[Stored data entries]
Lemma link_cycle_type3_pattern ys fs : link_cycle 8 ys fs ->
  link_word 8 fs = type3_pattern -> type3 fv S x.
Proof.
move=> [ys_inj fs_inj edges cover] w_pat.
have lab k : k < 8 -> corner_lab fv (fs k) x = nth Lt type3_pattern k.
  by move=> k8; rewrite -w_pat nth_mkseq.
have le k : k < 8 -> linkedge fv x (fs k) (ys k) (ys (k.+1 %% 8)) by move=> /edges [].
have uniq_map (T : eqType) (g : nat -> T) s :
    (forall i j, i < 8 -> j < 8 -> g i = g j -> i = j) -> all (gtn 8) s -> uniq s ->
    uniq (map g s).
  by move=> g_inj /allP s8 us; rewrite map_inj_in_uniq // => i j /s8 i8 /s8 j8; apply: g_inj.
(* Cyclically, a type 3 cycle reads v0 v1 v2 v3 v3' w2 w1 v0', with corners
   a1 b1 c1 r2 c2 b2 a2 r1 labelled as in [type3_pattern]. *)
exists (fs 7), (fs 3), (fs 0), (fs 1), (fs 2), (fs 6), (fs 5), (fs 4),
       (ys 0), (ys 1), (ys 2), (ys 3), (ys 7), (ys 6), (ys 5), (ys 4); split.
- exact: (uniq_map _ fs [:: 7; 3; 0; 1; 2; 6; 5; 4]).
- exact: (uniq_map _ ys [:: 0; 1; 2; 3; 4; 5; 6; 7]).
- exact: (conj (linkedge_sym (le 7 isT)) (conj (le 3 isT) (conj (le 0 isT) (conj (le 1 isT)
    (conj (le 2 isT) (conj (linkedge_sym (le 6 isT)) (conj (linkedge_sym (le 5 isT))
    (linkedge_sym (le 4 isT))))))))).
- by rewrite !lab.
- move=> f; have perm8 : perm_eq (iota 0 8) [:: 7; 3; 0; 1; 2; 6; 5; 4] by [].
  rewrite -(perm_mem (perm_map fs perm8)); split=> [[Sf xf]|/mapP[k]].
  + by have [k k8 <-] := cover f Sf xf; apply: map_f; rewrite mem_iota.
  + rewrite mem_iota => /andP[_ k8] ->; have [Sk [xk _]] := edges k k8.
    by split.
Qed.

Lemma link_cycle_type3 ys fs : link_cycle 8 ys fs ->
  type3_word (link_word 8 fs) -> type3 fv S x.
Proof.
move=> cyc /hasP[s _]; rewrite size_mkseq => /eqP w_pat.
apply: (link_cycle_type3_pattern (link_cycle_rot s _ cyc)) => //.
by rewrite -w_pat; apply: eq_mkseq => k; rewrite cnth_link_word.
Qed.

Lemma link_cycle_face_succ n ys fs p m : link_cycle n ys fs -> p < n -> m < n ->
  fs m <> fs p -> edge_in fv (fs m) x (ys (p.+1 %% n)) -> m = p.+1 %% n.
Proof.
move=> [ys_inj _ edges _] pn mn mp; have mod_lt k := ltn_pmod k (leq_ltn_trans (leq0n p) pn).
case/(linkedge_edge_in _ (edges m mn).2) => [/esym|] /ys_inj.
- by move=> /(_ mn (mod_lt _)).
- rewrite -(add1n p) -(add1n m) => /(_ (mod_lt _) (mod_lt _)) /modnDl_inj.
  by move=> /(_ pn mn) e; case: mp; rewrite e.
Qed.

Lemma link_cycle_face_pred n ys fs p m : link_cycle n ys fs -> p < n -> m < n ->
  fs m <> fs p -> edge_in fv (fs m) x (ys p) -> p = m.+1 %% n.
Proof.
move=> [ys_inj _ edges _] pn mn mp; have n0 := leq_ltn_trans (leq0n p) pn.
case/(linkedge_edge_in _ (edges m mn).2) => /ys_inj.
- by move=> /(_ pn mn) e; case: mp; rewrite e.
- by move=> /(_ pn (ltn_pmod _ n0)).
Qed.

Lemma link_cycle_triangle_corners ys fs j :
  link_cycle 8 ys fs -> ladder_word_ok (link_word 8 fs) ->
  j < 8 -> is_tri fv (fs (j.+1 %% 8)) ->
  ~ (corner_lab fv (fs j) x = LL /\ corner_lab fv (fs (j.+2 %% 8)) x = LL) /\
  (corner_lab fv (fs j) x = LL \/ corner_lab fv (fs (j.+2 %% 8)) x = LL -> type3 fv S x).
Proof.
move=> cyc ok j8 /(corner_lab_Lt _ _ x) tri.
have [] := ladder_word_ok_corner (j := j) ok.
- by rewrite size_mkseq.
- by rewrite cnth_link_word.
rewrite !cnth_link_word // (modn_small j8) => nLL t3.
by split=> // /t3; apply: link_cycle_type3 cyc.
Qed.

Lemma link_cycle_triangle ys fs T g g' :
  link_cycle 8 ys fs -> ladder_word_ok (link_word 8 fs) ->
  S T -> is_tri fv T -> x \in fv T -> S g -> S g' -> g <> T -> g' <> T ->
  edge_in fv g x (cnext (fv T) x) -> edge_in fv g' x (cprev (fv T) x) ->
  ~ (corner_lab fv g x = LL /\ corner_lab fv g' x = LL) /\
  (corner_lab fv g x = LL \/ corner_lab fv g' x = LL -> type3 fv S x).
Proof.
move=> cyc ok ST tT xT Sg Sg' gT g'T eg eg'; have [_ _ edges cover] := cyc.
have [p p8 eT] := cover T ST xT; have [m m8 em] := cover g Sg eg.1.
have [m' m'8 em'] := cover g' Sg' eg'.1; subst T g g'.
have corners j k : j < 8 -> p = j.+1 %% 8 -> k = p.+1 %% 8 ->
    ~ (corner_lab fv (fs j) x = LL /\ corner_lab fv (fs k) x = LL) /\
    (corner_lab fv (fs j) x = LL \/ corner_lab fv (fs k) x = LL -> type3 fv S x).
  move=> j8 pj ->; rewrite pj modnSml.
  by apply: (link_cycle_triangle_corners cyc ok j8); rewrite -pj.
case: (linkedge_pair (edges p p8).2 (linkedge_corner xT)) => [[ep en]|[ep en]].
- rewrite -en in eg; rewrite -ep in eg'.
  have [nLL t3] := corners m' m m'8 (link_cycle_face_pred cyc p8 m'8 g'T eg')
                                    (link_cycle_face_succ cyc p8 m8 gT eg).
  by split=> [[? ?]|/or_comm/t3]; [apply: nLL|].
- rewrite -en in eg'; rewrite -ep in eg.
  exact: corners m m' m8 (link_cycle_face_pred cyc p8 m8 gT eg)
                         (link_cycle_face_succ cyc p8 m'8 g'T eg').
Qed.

### Your goal
Look above for the line holding "- rewrite -en in eg; rewrite -ep in eg'.", then set down exactly that line and every line after it up to and including the line holding "- rewrite -en in eg'; rewrite -ep in eg.", with nothing else.

### Output
- rewrite -en in eg; rewrite -ep in eg'.
  have [nLL t3] := corners m' m m'8 (link_cycle_face_pred cyc p8 m'8 g'T eg')
                                    (link_cycle_face_succ cyc p8 m8 gT eg).
  by split=> [[? ?]|/or_comm/t3]; [apply: nLL|].
- rewrite -en in eg'; rewrite -ep in eg.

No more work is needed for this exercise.